▶ ACTION ITEM
From the records below, count the lines holding the string "operations". Only the number is wanted.

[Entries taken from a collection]
-- Opening Marker --
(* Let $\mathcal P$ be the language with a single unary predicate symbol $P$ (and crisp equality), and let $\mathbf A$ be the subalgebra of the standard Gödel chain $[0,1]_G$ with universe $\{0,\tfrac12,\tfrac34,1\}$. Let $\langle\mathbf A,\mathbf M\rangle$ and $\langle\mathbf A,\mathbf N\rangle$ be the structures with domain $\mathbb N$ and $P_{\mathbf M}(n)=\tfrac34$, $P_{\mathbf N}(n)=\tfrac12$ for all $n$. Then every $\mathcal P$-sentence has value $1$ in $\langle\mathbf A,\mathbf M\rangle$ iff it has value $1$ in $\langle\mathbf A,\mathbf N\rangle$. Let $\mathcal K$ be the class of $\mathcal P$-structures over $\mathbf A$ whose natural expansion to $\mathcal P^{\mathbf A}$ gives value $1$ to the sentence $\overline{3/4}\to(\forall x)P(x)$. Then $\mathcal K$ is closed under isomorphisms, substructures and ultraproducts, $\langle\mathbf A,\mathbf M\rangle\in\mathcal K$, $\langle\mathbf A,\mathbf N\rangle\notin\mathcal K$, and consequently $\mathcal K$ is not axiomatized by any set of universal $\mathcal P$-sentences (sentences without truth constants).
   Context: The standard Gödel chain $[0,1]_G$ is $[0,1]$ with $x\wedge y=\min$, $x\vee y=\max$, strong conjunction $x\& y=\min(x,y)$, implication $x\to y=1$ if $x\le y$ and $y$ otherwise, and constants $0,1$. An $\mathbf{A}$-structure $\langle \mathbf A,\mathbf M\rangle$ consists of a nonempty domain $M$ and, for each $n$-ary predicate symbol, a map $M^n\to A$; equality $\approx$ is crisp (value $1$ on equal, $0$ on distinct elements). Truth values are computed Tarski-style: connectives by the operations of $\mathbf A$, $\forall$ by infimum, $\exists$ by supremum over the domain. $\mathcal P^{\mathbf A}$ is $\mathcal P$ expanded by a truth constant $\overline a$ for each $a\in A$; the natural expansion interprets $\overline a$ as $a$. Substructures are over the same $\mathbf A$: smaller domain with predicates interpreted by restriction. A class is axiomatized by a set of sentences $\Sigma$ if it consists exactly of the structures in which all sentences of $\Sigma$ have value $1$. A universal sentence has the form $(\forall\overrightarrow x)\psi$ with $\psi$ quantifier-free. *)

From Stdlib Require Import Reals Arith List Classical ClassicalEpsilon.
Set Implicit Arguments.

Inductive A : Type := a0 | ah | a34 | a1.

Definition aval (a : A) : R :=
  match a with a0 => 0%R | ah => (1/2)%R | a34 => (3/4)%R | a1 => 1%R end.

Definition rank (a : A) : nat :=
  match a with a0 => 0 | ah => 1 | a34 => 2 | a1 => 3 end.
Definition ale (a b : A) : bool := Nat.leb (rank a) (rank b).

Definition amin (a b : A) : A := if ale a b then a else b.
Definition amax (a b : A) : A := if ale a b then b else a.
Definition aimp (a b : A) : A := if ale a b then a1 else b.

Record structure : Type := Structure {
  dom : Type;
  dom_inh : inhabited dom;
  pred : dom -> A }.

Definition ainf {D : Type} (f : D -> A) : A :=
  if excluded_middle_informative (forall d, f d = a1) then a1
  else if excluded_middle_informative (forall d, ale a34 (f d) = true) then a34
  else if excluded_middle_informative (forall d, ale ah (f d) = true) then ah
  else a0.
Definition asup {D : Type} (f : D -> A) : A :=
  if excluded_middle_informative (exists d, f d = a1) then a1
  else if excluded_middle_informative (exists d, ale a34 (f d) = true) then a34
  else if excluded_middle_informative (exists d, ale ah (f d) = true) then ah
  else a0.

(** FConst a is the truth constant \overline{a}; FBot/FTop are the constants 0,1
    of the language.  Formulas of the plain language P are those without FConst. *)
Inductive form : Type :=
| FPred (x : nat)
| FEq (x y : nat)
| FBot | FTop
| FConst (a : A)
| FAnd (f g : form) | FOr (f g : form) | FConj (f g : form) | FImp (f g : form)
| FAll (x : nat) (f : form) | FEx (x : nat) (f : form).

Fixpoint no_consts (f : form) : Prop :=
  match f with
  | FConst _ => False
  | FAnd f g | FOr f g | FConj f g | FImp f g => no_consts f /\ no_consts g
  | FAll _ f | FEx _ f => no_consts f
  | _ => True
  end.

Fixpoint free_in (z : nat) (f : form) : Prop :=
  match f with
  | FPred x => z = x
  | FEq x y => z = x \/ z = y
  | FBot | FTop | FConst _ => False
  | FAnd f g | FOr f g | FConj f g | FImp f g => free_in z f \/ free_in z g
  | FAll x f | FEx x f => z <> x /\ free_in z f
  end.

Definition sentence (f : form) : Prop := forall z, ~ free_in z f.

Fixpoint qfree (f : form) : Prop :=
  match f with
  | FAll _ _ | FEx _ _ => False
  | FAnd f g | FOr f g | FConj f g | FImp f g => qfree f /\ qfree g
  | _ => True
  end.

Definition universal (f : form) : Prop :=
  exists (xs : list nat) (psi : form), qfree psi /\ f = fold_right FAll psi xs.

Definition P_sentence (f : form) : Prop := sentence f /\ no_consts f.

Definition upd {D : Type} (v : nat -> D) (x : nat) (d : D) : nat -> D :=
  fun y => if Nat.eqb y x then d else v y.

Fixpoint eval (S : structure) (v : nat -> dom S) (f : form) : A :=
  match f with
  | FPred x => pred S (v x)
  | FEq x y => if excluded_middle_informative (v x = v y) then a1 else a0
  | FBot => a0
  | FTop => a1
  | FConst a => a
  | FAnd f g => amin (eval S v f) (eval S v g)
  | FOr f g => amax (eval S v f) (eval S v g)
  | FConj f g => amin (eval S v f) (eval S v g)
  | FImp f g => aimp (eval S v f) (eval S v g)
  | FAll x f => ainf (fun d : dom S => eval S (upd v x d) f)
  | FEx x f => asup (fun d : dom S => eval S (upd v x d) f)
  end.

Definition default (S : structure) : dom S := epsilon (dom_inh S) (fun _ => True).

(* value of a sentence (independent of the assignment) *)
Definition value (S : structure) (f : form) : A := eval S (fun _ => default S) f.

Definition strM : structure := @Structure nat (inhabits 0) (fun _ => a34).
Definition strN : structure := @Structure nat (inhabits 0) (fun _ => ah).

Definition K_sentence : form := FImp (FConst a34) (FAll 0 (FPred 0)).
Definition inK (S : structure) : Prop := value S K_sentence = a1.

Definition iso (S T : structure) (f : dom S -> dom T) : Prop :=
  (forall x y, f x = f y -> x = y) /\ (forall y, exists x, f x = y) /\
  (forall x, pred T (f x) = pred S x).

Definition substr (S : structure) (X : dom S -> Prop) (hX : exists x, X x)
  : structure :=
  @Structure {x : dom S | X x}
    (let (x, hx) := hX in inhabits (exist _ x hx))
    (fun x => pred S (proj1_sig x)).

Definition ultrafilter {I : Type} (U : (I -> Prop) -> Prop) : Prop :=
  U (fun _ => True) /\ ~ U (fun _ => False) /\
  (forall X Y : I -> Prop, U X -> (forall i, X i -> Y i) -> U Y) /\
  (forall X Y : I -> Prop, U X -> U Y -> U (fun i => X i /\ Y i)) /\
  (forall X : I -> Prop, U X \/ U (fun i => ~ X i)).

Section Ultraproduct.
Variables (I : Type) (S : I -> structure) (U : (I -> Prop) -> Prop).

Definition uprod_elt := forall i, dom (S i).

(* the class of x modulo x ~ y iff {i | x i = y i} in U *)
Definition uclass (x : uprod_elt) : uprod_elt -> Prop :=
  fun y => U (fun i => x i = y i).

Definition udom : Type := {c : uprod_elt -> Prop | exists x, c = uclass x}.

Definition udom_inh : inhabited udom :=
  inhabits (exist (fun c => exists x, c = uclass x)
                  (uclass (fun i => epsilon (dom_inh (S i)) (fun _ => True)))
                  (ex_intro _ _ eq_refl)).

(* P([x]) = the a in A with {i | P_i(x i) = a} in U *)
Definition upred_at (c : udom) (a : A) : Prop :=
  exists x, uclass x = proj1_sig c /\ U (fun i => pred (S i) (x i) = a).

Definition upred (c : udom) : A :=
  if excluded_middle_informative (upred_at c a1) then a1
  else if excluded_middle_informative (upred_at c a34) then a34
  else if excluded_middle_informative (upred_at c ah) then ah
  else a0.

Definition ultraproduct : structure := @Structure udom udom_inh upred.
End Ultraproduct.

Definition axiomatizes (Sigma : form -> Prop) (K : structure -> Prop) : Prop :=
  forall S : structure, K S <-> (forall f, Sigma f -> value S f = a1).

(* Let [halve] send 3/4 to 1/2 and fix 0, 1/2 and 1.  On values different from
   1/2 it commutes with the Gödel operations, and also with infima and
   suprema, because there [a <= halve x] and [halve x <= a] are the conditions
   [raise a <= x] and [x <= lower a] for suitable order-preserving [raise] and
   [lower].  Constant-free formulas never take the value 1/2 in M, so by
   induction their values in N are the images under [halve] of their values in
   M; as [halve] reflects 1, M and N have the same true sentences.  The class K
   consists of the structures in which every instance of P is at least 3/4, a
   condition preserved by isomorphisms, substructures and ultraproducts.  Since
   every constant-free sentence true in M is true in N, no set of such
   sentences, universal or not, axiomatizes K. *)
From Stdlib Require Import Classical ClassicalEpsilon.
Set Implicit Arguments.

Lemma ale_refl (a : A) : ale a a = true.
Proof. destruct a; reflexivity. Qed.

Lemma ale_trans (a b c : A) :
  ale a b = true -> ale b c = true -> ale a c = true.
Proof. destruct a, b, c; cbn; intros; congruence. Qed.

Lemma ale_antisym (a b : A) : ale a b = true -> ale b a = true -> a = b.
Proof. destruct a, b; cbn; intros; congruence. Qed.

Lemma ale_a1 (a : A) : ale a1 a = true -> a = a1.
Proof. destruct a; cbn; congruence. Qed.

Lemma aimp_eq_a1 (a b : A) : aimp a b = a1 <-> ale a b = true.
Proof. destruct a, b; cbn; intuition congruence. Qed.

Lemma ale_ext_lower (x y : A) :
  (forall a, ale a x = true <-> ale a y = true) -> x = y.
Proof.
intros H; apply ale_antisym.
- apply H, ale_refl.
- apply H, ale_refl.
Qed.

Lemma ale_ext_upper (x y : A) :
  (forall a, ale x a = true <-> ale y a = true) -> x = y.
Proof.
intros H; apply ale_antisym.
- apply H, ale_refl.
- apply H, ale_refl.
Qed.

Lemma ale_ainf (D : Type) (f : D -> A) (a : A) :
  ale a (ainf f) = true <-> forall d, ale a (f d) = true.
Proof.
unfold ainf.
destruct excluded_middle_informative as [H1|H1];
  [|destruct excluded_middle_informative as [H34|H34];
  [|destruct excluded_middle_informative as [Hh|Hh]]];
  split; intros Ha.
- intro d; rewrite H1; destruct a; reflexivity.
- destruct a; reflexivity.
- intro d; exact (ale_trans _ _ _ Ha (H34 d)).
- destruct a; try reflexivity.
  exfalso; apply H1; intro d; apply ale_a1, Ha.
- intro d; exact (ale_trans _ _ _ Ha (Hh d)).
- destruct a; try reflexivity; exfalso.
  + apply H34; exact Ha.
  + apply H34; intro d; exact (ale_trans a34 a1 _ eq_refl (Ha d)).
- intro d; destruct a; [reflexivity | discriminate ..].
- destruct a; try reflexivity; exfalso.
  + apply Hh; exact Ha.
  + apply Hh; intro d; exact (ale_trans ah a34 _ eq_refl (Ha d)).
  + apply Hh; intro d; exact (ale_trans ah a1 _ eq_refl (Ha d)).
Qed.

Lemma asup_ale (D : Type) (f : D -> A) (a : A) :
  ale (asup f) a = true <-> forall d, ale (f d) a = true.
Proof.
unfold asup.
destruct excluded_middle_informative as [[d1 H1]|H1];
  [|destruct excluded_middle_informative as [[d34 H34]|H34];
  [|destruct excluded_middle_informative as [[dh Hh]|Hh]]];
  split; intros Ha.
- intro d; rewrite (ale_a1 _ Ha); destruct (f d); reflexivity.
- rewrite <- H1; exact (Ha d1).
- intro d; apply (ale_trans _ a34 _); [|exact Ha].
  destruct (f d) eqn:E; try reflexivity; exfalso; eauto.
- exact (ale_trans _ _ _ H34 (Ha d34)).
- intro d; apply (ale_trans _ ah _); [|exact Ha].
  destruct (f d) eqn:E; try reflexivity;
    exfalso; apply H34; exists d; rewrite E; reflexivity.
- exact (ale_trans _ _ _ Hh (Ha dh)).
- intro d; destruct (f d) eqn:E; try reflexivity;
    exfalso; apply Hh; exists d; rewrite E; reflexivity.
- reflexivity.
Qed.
-- Closing Marker --
-- Opening Marker --
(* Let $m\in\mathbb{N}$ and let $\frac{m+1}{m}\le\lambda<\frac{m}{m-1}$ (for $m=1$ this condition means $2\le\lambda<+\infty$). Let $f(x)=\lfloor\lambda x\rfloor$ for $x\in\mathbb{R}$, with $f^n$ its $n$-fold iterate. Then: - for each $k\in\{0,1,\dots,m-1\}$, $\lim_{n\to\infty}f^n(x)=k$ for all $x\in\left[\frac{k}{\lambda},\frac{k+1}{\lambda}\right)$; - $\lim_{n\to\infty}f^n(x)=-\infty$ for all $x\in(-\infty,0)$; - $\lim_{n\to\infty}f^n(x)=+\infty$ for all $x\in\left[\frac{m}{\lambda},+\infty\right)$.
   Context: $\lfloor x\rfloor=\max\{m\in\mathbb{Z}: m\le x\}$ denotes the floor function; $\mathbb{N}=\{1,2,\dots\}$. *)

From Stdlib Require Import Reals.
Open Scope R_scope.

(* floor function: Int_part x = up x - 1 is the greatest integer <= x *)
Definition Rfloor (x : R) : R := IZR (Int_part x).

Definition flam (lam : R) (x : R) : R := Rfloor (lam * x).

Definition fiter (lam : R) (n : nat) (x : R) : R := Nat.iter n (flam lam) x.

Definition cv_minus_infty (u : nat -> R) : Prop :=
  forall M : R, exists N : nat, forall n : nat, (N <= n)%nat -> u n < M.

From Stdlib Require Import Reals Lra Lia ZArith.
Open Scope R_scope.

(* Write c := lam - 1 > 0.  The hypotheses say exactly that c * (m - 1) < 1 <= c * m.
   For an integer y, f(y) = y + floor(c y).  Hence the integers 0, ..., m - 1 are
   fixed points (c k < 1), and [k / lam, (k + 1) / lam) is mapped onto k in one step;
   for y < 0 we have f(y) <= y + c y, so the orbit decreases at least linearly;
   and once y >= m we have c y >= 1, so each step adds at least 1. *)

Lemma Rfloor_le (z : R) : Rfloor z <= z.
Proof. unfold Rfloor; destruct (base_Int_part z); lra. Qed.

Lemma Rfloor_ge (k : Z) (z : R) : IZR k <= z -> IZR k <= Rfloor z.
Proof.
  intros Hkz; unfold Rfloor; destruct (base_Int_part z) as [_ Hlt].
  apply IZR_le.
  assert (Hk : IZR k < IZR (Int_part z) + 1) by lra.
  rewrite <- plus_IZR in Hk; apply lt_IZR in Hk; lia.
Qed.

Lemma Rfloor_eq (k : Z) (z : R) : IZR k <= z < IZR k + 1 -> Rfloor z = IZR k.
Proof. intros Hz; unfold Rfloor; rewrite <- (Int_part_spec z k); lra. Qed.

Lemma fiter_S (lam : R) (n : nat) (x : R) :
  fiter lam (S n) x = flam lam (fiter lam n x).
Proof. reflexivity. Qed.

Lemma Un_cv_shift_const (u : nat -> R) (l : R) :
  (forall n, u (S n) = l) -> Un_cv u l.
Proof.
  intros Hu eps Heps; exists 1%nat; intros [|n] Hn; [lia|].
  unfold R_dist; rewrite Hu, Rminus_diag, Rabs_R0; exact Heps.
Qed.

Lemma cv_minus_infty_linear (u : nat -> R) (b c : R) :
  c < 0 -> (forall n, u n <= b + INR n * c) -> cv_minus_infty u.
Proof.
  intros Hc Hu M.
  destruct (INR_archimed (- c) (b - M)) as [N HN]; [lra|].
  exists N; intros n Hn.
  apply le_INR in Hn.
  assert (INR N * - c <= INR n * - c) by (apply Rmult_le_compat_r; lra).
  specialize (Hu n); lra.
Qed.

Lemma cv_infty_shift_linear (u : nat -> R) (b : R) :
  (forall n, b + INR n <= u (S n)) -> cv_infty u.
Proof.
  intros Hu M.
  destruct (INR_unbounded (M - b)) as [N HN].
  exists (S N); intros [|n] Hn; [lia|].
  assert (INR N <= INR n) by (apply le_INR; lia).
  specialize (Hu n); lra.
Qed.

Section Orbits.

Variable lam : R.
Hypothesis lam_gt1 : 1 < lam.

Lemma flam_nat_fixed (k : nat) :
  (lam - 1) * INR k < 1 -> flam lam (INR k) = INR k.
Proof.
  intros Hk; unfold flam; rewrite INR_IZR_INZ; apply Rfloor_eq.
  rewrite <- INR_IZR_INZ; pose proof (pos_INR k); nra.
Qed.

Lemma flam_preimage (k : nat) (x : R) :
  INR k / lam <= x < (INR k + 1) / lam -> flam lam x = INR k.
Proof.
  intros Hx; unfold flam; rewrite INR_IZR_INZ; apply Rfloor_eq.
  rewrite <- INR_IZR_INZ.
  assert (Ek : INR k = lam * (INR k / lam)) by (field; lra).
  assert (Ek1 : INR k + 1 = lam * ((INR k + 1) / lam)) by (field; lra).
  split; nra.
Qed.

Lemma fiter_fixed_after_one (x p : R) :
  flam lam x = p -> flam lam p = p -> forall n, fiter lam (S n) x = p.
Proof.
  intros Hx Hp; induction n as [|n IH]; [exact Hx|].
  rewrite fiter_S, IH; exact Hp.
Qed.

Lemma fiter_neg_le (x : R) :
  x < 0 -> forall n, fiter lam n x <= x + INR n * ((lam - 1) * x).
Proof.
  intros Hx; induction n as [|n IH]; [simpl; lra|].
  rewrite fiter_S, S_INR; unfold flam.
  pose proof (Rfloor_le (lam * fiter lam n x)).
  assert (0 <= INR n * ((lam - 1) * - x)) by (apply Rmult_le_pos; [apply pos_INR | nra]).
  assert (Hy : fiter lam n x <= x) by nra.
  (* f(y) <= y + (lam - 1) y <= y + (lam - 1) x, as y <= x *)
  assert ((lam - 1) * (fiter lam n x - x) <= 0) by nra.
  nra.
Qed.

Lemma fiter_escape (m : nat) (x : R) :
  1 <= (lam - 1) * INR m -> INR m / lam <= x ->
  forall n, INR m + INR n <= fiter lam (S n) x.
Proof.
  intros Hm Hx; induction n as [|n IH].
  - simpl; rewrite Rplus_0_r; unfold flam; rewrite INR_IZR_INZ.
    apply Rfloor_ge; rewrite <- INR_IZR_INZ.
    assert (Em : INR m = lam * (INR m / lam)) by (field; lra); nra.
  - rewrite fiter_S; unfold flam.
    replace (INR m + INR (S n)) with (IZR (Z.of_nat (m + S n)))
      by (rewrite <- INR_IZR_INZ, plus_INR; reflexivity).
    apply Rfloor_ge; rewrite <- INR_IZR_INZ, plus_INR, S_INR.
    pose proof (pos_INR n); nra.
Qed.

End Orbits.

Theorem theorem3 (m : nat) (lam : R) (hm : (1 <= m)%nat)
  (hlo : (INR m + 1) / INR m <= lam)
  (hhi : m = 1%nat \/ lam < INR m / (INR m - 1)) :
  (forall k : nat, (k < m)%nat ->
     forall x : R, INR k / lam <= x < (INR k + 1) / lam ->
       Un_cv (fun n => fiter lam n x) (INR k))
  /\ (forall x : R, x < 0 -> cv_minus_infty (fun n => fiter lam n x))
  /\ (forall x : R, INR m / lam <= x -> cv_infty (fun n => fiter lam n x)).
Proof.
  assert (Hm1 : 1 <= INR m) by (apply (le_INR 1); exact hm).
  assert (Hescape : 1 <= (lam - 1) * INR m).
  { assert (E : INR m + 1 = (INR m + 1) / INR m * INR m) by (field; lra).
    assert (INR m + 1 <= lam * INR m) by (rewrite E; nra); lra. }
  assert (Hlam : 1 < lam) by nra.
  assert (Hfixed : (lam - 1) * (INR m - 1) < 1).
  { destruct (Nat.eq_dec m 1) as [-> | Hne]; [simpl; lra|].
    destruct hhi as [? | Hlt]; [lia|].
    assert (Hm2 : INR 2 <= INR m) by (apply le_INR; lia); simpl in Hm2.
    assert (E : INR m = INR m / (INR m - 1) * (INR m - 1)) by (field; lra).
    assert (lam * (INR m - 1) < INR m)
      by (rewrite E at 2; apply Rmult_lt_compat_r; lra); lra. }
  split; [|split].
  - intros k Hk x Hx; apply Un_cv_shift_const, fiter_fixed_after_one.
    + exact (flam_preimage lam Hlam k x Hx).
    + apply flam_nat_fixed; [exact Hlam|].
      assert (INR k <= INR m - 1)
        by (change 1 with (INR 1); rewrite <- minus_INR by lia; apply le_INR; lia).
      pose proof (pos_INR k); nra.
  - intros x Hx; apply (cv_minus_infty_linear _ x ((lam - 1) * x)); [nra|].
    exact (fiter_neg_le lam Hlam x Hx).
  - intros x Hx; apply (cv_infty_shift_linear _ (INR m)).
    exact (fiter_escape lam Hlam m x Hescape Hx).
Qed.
-- Closing Marker --
▶ RESULT FOR THIS TASK
2